Exercise input:
(* $\operatorname{BSR}(5,3)\ge 9$. In particular, the biquadratic form \[P(\mathbf{x},\mathbf{y})=x_1^2y_1^2+x_1^2y_2^2+x_2^2y_1^2+x_2^2y_3^2+x_3^2y_2^2+x_3^2y_3^2+x_4^2y_1^2+x_5^2y_2^2+(x_1y_3+x_4y_2)^2\] on $\mathbb{R}^5\times\mathbb{R}^3$ has SOS rank $9$ (i.e., it cannot be written as a sum of fewer than 9 squares of bilinear forms).
   Context: An $m\times n$ biquadratic form is a polynomial $P(\mathbf{x},\mathbf{y})=\sum_{i,k=1}^m\sum_{j,l=1}^n a_{ijkl}x_ix_ky_jy_l$ with real coefficients, $\mathbf{x}\in\mathbb{R}^m$, $\mathbf{y}\in\mathbb{R}^n$. It is SOS if $P=\sum_{p=1}^r f_p^2$ for some real bilinear forms $f_p(\mathbf{x},\mathbf{y})=\sum_{i,j}c^{(p)}_{ij}x_iy_j$; the least such $r$ is the SOS rank $\operatorname{sos}(P)$. $\operatorname{BSR}(m,n)$ is the maximum of $\operatorname{sos}(P)$ over all $m\times n$ SOS biquadratic forms $P$. *)

From Stdlib Require Import Rdefinitions.
From HB Require Import structures.
From mathcomp Require Import all_boot all_order all_algebra.
From mathcomp Require Import Rstruct.
Set Implicit Arguments. Unset Strict Implicit. Unset Printing Implicit Defensive.
Import Order.TTheory GRing.Theory Num.Theory.
Local Open Scope ring_scope.

(* Points of R^m are functions 'I_m -> R (indices 0..m-1 instead of 1..m). *)

Definition biquad (m n : nat) (a : 'I_m -> 'I_n -> 'I_m -> 'I_n -> R)
  (x : 'I_m -> R) (y : 'I_n -> R) : R :=
  \sum_(i < m) \sum_(j < n) \sum_(k < m) \sum_(l < n)
     a i j k l * x i * x k * y j * y l.

Definition bilin (m n : nat) (c : 'M[R]_(m, n)) (x : 'I_m -> R) (y : 'I_n -> R) : R :=
  \sum_(i < m) \sum_(j < n) c i j * x i * y j.

Definition sos_with (m n r : nat) (P : ('I_m -> R) -> ('I_n -> R) -> R) : Prop :=
  exists c : 'I_r -> 'M[R]_(m, n),
    forall x y, P x y = \sum_(p < r) (bilin (c p) x y) ^+ 2.

Definition is_sos (m n : nat) (P : ('I_m -> R) -> ('I_n -> R) -> R) : Prop :=
  exists r, sos_with r P.

Definition sos_rank (m n : nat) (P : ('I_m -> R) -> ('I_n -> R) -> R) (r : nat) : Prop :=
  sos_with r P /\ forall r', (r' < r)%N -> ~ sos_with r' P.

Definition BSR_ge (m n k : nat) : Prop :=
  exists a : 'I_m -> 'I_n -> 'I_m -> 'I_n -> R,
    is_sos (biquad a) /\ forall r, (r < k)%N -> ~ sos_with r (biquad a).

Definition P53 (x : 'I_5 -> R) (y : 'I_3 -> R) : R :=
  let x1 := x (inord 0) in let x2 := x (inord 1) in let x3 := x (inord 2) in
  let x4 := x (inord 3) in let x5 := x (inord 4) in
  let y1 := y (inord 0) in let y2 := y (inord 1) in let y3 := y (inord 2) in
  x1^+2 * y1^+2 + x1^+2 * y2^+2 + x2^+2 * y1^+2 + x2^+2 * y3^+2
  + x3^+2 * y2^+2 + x3^+2 * y3^+2 + x4^+2 * y1^+2 + x5^+2 * y2^+2
  + (x1 * y3 + x4 * y2)^+2.

(* An SOS representation P = sum_p f_p^2, f_p(x, y) = sum_ij c_p(i,j) x_i y_j,
   has the Gram tensor G(ij,kl) = sum_p c_p(i,j) c_p(k,l), and the values of P at
   sums of two basis vectors determine G(ij,kl) + G(il,kj).  For P53 (0-based
   positions) this pins G down on the nine positions 00 01 10 12 21 22 30 41 02:
   positions whose monomial x_i^2 y_j^2 is absent from P53 carry only zero
   entries, which settles most entries; the identity c_p(3,1) = c_p(0,2) forced
   by the cross term x_0 x_3 y_1 y_2 settles the rest.  There G is the identity,
   so the r x 9 matrix (c_p(u)) has orthonormal columns and r >= 9, while the
   nine squares defining P53 show r = 9 is attained. *)

From Stdlib Require Import Rdefinitions.
From HB Require Import structures.
From mathcomp Require Import all_boot all_order all_algebra.
From mathcomp Require Import Rstruct ring lra.
Import Order.TTheory GRing.Theory Num.Theory.
Set Implicit Arguments.
Unset Strict Implicit.
Unset Printing Implicit Defensive.
Local Open Scope ring_scope.

Definition unitv k (i : 'I_k) : 'I_k -> R := fun a => (a == i)%:R.

Lemma sum_mul_unitv k (F : 'I_k -> R) (i : 'I_k) : \sum_(a < k) F a * unitv i a = F i.
Proof.
rewrite (bigD1 i) //= big1 => [|a /negbTE ne_ai]; first by rewrite /unitv eqxx mulr1 addr0.
by rewrite /unitv ne_ai mulr0.
Qed.

Section Bilinear.
Variables m n : nat.
Implicit Types (c d : 'M[R]_(m, n)) (x : 'I_m -> R) (y : 'I_n -> R).

Lemma bilinDl c x x' y : bilin c (x \+ x') y = bilin c x y + bilin c x' y.
Proof.
rewrite /bilin -big_split; apply: eq_bigr => i _.
rewrite -big_split; apply: eq_bigr => j _ /=; ring.
Qed.

Lemma bilinDr c x y y' : bilin c x (y \+ y') = bilin c x y + bilin c x y'.
Proof.
rewrite /bilin -big_split; apply: eq_bigr => i _.
rewrite -big_split; apply: eq_bigr => j _ /=; ring.
Qed.

Lemma bilinD c d x y : bilin (c + d) x y = bilin c x y + bilin d x y.
Proof.
rewrite /bilin -big_split; apply: eq_bigr => i _.
rewrite -big_split; apply: eq_bigr => j _ /=; rewrite mxE; ring.
Qed.

Lemma bilinZ a c x y : bilin (a *: c) x y = a * bilin c x y.
Proof.
rewrite /bilin mulr_sumr; apply: eq_bigr => i _.
rewrite mulr_sumr; apply: eq_bigr => j _; rewrite mxE; ring.
Qed.

Lemma bilin_unitv c i j : bilin c (unitv i) (unitv j) = c i j.
Proof.
rewrite /bilin -[RHS](sum_mul_unitv (fun a => c a j)); apply: eq_bigr => a _.
rewrite -(sum_mul_unitv (c a)) mulr_suml; apply: eq_bigr => b _; ring.
Qed.

Lemma bilin_delta i j x y : bilin (delta_mx i j) x y = x i * y j.
Proof.
rewrite /bilin -(sum_mul_unitv (fun a => x a * y j)); apply: eq_bigr => a _.
rewrite -(sum_mul_unitv y) mulr_sumr mulr_suml; apply: eq_bigr => b _.
rewrite mxE -mulnb natrM /unitv; ring.
Qed.

End Bilinear.

Section GramTensor.
Variables m n : nat.

Definition gram r (c : 'I_r -> 'M[R]_(m, n)) i j k l : R :=
  \sum_(p < r) c p i j * c p k l.

Lemma gramC r (c : 'I_r -> 'M[R]_(m, n)) i j k l : gram c i j k l = gram c k l i j.
Proof. by apply: eq_bigr => p _; rewrite mulrC. Qed.

Lemma biquad_gram r (c : 'I_r -> 'M[R]_(m, n)) x y :
  biquad (gram c) x y = \sum_(p < r) bilin (c p) x y ^+ 2.
Proof.
rewrite /biquad /bilin; symmetry.
transitivity (\sum_(p < r) \sum_(i < m) \sum_(j < n) \sum_(k < m) \sum_(l < n)
   (c p i j * x i * y j) * (c p k l * x k * y l)).
  apply: eq_bigr => p _; rewrite expr2 mulr_suml; apply: eq_bigr => i _.
  rewrite mulr_suml; apply: eq_bigr => j _; rewrite mulr_sumr; apply: eq_bigr => k _.
  by rewrite mulr_sumr.
rewrite exchange_big; apply: eq_bigr => i _; rewrite exchange_big; apply: eq_bigr => j _.
rewrite exchange_big; apply: eq_bigr => k _; rewrite exchange_big; apply: eq_bigr => l _.
rewrite /gram !mulr_suml; apply: eq_bigr => p _; ring.
Qed.

Lemma sum_sqr_sub_gram r (c : 'I_r -> 'M[R]_(m, n)) i j k l :
  \sum_(p < r) (c p i j - c p k l) ^+ 2
  = gram c i j i j - 2 * gram c i j k l + gram c k l k l.
Proof.
rewrite /gram mulr_sumr -sumrB -big_split /=; apply: eq_bigr => p _; ring.
Qed.

Lemma gram_diag_eq0 r (c : 'I_r -> 'M[R]_(m, n)) i j :
  gram c i j i j = 0 -> forall p, c p i j = 0.
Proof.
move=> /psumr_eq0P c0 p; apply/eqP; rewrite -sqrf_eq0 expr2; apply/eqP.
by apply: c0 => // q _; rewrite -expr2 sqr_ge0.
Qed.

Lemma gram_eq0 r (c : 'I_r -> 'M[R]_(m, n)) i j k l :
  gram c i j i j = 0 -> gram c i j k l = 0.
Proof. by move=> /gram_diag_eq0 c0; apply: big1 => p _; rewrite c0 mul0r. Qed.

Lemma eq_gram_of_entries r (c : 'I_r -> 'M[R]_(m, n)) i j i' j' :
  (forall p, c p i j = c p i' j') -> forall k l, gram c i j k l = gram c i' j' k l.
Proof. by move=> c_ij k l; apply: eq_bigr => p _; rewrite c_ij. Qed.

Lemma gram_orthonormal_leq r s (c : 'I_r -> 'M[R]_(m, n))
    (ri : 'I_s -> 'I_m) (ci : 'I_s -> 'I_n) :
  (forall a b, gram c (ri a) (ci a) (ri b) (ci b) = (a == b)%:R) -> (s <= r)%N.
Proof.
move=> orth; pose M := \matrix_(a, p) c p (ri a) (ci a).
apply: (@mulmx1_min _ _ _ M M^T); apply/matrixP => a b.
by rewrite !mxE -orth; apply: eq_bigr => p _; rewrite !mxE.
Qed.

Variable P : ('I_m -> R) -> ('I_n -> R) -> R.

Definition sos_rep r (c : 'I_r -> 'M[R]_(m, n)) :=
  forall x y, P x y = \sum_(p < r) bilin (c p) x y ^+ 2.

Definition mixed_diff x x' y y' :=
  P (x \+ x') (y \+ y') - P x (y \+ y') - P x' (y \+ y') - P (x \+ x') y - P (x \+ x') y'
  + P x y + P x y' + P x' y + P x' y'.

Lemma mixed_diff_unitv r (c : 'I_r -> 'M[R]_(m, n)) : sos_rep c -> forall i j k l,
  mixed_diff (unitv i) (unitv k) (unitv j) (unitv l) = 2 * (gram c i j k l + gram c i l k j).
Proof.
move=> rep_c i j k l; rewrite /mixed_diff !rep_c /gram -big_split mulr_sumr.
rewrite -!sumrB -!big_split /=.
apply: eq_bigr => p _; rewrite !bilinDl !bilinDr !bilin_unitv; ring.
Qed.

Section TwoRepresentations.
Variables (r s : nat) (c : 'I_r -> 'M[R]_(m, n)) (d : 'I_s -> 'M[R]_(m, n)).
Hypotheses (rep_c : sos_rep c) (rep_d : sos_rep d).

Lemma gram_sym_eq i j k l :
  gram c i j k l + gram c i l k j = gram d i j k l + gram d i l k j.
Proof.
by have := mixed_diff_unitv rep_c i j k l; rewrite (mixed_diff_unitv rep_d); lra.
Qed.

Lemma gram_row_eq i j l : gram c i j i l = gram d i j i l.
Proof. have := gram_sym_eq i j i l; rewrite (gramC c i l) (gramC d i l); lra. Qed.

Lemma gram_col_eq i j k : gram c i j k j = gram d i j k j.
Proof. have := gram_sym_eq i j k j; lra. Qed.

Lemma gram_cross_eq i j k l :
  gram c i l k j = gram d i l k j -> gram c i j k l = gram d i j k l.
Proof. have := gram_sym_eq i j k l; lra. Qed.

Lemma gram_eq_of_zeros (Z : seq ('I_m * 'I_n)) :
  {in Z, forall u, gram d u.1 u.2 u.1 u.2 = 0} -> forall i j k l,
  [|| i == k, j == l | has (mem Z) [:: (i, j); (k, l); (i, l); (k, j)]] ->
  gram c i j k l = gram d i j k l.
Proof.
move=> Z0 i j k l /or3P[/eqP<- | /eqP<- | /hasP[[i' j'] corner /Z0 /= d0]].
- exact: gram_row_eq.
- exact: gram_col_eq.
have c0 : gram c i' j' i' j' = 0 by rewrite gram_row_eq.
move: corner c0 d0; rewrite !inE => /or4P[] /eqP[-> ->] c0 d0.
- by rewrite (gram_eq0 _ _ c0) (gram_eq0 _ _ d0).
- by rewrite gramC [RHS]gramC (gram_eq0 _ _ c0) (gram_eq0 _ _ d0).
- by apply: gram_cross_eq; rewrite (gram_eq0 _ _ c0) (gram_eq0 _ _ d0).
- by apply: gram_cross_eq; rewrite gramC [RHS]gramC (gram_eq0 _ _ c0) (gram_eq0 _ _ d0).
Qed.

End TwoRepresentations.
End GramTensor.

Lemma BSR_ge_of_sos_rank m n k (P : ('I_m -> R) -> ('I_n -> R) -> R) :
  sos_rank P k -> BSR_ge m n k.
Proof.
case=> -[c rep_c] low; exists (gram c); split; first by exists k, c => x y; exact: biquad_gram.
move=> r lt_rk [d rep_d]; apply: (low r lt_rk); exists d => x y.
by rewrite rep_c -biquad_gram rep_d.
Qed.

Lemma inord_natr n k : (k < n.+2)%N -> (inord k : 'I_n.+2) = k%:R.
Proof. by move=> lt_kn; rewrite -[LHS]natr_Zp inordK. Qed.

Lemma P53E x y : P53 x y =
  x 0 ^+ 2 * y 0 ^+ 2 + x 0 ^+ 2 * y 1 ^+ 2 + x 1 ^+ 2 * y 0 ^+ 2 + x 1 ^+ 2 * y 2 ^+ 2
  + x 2 ^+ 2 * y 1 ^+ 2 + x 2 ^+ 2 * y 2 ^+ 2 + x 3 ^+ 2 * y 0 ^+ 2 + x 4 ^+ 2 * y 1 ^+ 2
  + (x 0 * y 2 + x 3 * y 1) ^+ 2.
Proof. by rewrite /P53 !inord_natr. Qed.

Definition P53_row (a : 'I_9) : 'I_5 := nth 0 [:: 0; 0; 1; 1; 2; 2; 3; 4; 0] a.
Definition P53_col (a : 'I_9) : 'I_3 := nth 0 [:: 0; 1; 0; 2; 1; 2; 0; 1; 2] a.

Definition P53_terms (a : 'I_9) : 'M[R]_(5, 3) :=
  delta_mx (P53_row a) (P53_col a) + (a == ord_max)%:R *: delta_mx 3 1.

Lemma P53_sos_rep : sos_rep P53 P53_terms.
Proof.
move=> x y; rewrite P53E; under eq_bigr do rewrite bilinD bilinZ !bilin_delta.
by rewrite !big_ord_recl big_ord0 /P53_row /P53_col /=; ring.
Qed.

Definition P53_zeros : seq ('I_5 * 'I_3) := [:: (1, 1); (2, 0); (3, 2); (4, 0); (4, 2)].

Lemma P53_termsE p i j : P53_terms p i j =
  ((i == P53_row p) && (j == P53_col p))%:R + (p == ord_max)%:R * ((i == 3) && (j == 1))%:R.
Proof. by rewrite !mxE. Qed.

Lemma P53_terms_zeros p : {in P53_zeros, forall u, P53_terms p u.1 u.2 = 0}.
Proof.
have Z31 : (3, 1) \notin P53_zeros by [].
have Zp : (P53_row p, P53_col p) \notin P53_zeros.
  by case: p => [[|[|[|[|[|[|[|[|[|p]]]]]]]]] ?].
move=> u Zu; rewrite P53_termsE -!xpair_eqE -surjective_pairing.
have /negbTE-> : u != (P53_row p, P53_col p) by apply: contraNneq Zp => <-.
have /negbTE-> : u != (3, 1) by apply: contraNneq Z31 => <-.
by rewrite mulr0 addr0.
Qed.

Lemma P53_terms_31_02 p : P53_terms p 3 1 = P53_terms p 0 2.
Proof.
have [/negbTE e31 e02] : (3, 1) != (P53_row p, P53_col p) /\
                      ((0, 2) == (P53_row p, P53_col p)) = (p == ord_max).
  by case: p => [[|[|[|[|[|[|[|[|[|p]]]]]]]]] ?].
rewrite !P53_termsE -!xpair_eqE e31 e02 eqxx.
have -> : ((0, 2) == (3, 1) :> 'I_5 * 'I_3) = false by [].
by rewrite mulr1 mulr0 add0r addr0.
Qed.

Lemma P53_terms_nine p a : P53_terms p (P53_row a) (P53_col a) = (p == a)%:R.
Proof.
have [e_pa /negbTE e31] : ((P53_row a, P53_col a) == (P53_row p, P53_col p)) = (p == a) /\
                         (P53_row a, P53_col a) != (3, 1).
  by case: p a => [[|[|[|[|[|[|[|[|[|p]]]]]]]]] ?] [[|[|[|[|[|[|[|[|[|a]]]]]]]]] ?].
by rewrite P53_termsE -!xpair_eqE e_pa e31 mulr0 addr0.
Qed.

Lemma gram_P53_terms_zeros :
  {in P53_zeros, forall u, gram P53_terms u.1 u.2 u.1 u.2 = 0}.
Proof.
by move=> u Zu; apply: gram_eq0; apply: big1 => p _; rewrite P53_terms_zeros ?mul0r.
Qed.

Lemma gram_P53_terms_nine a b :
  gram P53_terms (P53_row a) (P53_col a) (P53_row b) (P53_col b) = (a == b)%:R.
Proof.
rewrite /gram (bigD1 a) //= !P53_terms_nine eqxx mul1r big1 ?addr0 // => p /negbTE ne_pa.
by rewrite !P53_terms_nine ne_pa mul0r.
Qed.

Section P53Representation.
Variables (r : nat) (c : 'I_r -> 'M[R]_(5, 3)).
Hypothesis rep_c : sos_rep P53 c.

Let gram_eq := gram_eq_of_zeros rep_c P53_sos_rep gram_P53_terms_zeros.
Let cross := gram_cross_eq rep_c P53_sos_rep.

Lemma P53_rep_31_02 p : c p 3 1 = c p 0 2.
Proof.
have /(psumr_eq0P (fun q _ => sqr_ge0 _)) dev0 : \sum_(q < r) (c q 3 1 - c q 0 2) ^+ 2 = 0.
  rewrite sum_sqr_sub_gram !gram_eq // -sum_sqr_sub_gram.
  by apply: big1 => q _; rewrite P53_terms_31_02 subrr expr0n.
by apply/eqP; rewrite -subr_eq0 -sqrf_eq0 dev0.
Qed.

Lemma gram_P53_rep_nine a b :
  gram c (P53_row a) (P53_col a) (P53_row b) (P53_col b) = (a == b)%:R.
Proof.
rewrite -gram_P53_terms_nine.
wlog le_ab : a b / (a <= b)%N.
  move=> sym_ab; case: (leqP a b) => [/sym_ab // | /ltnW /sym_ab].
  by rewrite gramC [RHS]gramC.
have c02 := eq_gram_of_entries P53_rep_31_02; have t02 := eq_gram_of_entries P53_terms_31_02.
have e02_10 : gram c 0 2 1 0 = gram P53_terms 0 2 1 0 by rewrite -c02 -t02 gram_eq.
have e02_21 : gram c 0 2 2 1 = gram P53_terms 0 2 2 1 by rewrite -c02 -t02 gram_eq.
have e31_00 : gram c 3 1 0 0 = gram P53_terms 3 1 0 0 by rewrite c02 t02 gram_eq.
case: a le_ab => [[|[|[|[|[|[|[|[|[|a]]]]]]]]] ?] //;
  case: b => [[|[|[|[|[|[|[|[|[|b]]]]]]]]] ?] // _.
all: rewrite /P53_row /P53_col /=; try by apply: gram_eq.
(* The remaining entries pair positions spanning a rectangle of nonzero
   positions; they are reached through the alias (3,1) of (0,2). *)
- exact: cross e02_10.
- exact: cross e02_21.
- by apply: cross; rewrite gramC [RHS]gramC.
- by rewrite gramC [RHS]gramC.
- by rewrite gramC [RHS]gramC.
Qed.

End P53Representation.

Lemma P53_sos_lower r : sos_with r P53 -> (9 <= r)%N.
Proof. by case=> c rep_c; apply: gram_orthonormal_leq (gram_P53_rep_nine rep_c). Qed.

Theorem corollary4p2 : BSR_ge 5 3 9 /\ sos_rank P53 9.
Proof.
have rank9 : sos_rank P53 9.
  split=> [|r lt_r9 /P53_sos_lower]; first by exists P53_terms; exact: P53_sos_rep.
  by rewrite leqNgt lt_r9.
by split; first exact: BSR_ge_of_sos_rank rank9.
Qed.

What the exercise asks:
Give again exactly, and only, the lines above starting at the one with "- exact: cross e02_10." and ending at the one with "have rank9 : sos_rank P53 9.".

Task answer:
- exact: cross e02_10.
- exact: cross e02_21.
- by apply: cross; rewrite gramC [RHS]gramC.
- by rewrite gramC [RHS]gramC.
- by rewrite gramC [RHS]gramC.
Qed.

End P53Representation.

Lemma P53_sos_lower r : sos_with r P53 -> (9 <= r)%N.
Proof. by case=> c rep_c; apply: gram_orthonormal_leq (gram_P53_rep_nine rep_c). Qed.

Theorem corollary4p2 : BSR_ge 5 3 9 /\ sos_rank P53 9.
Proof.
have rank9 : sos_rank P53 9.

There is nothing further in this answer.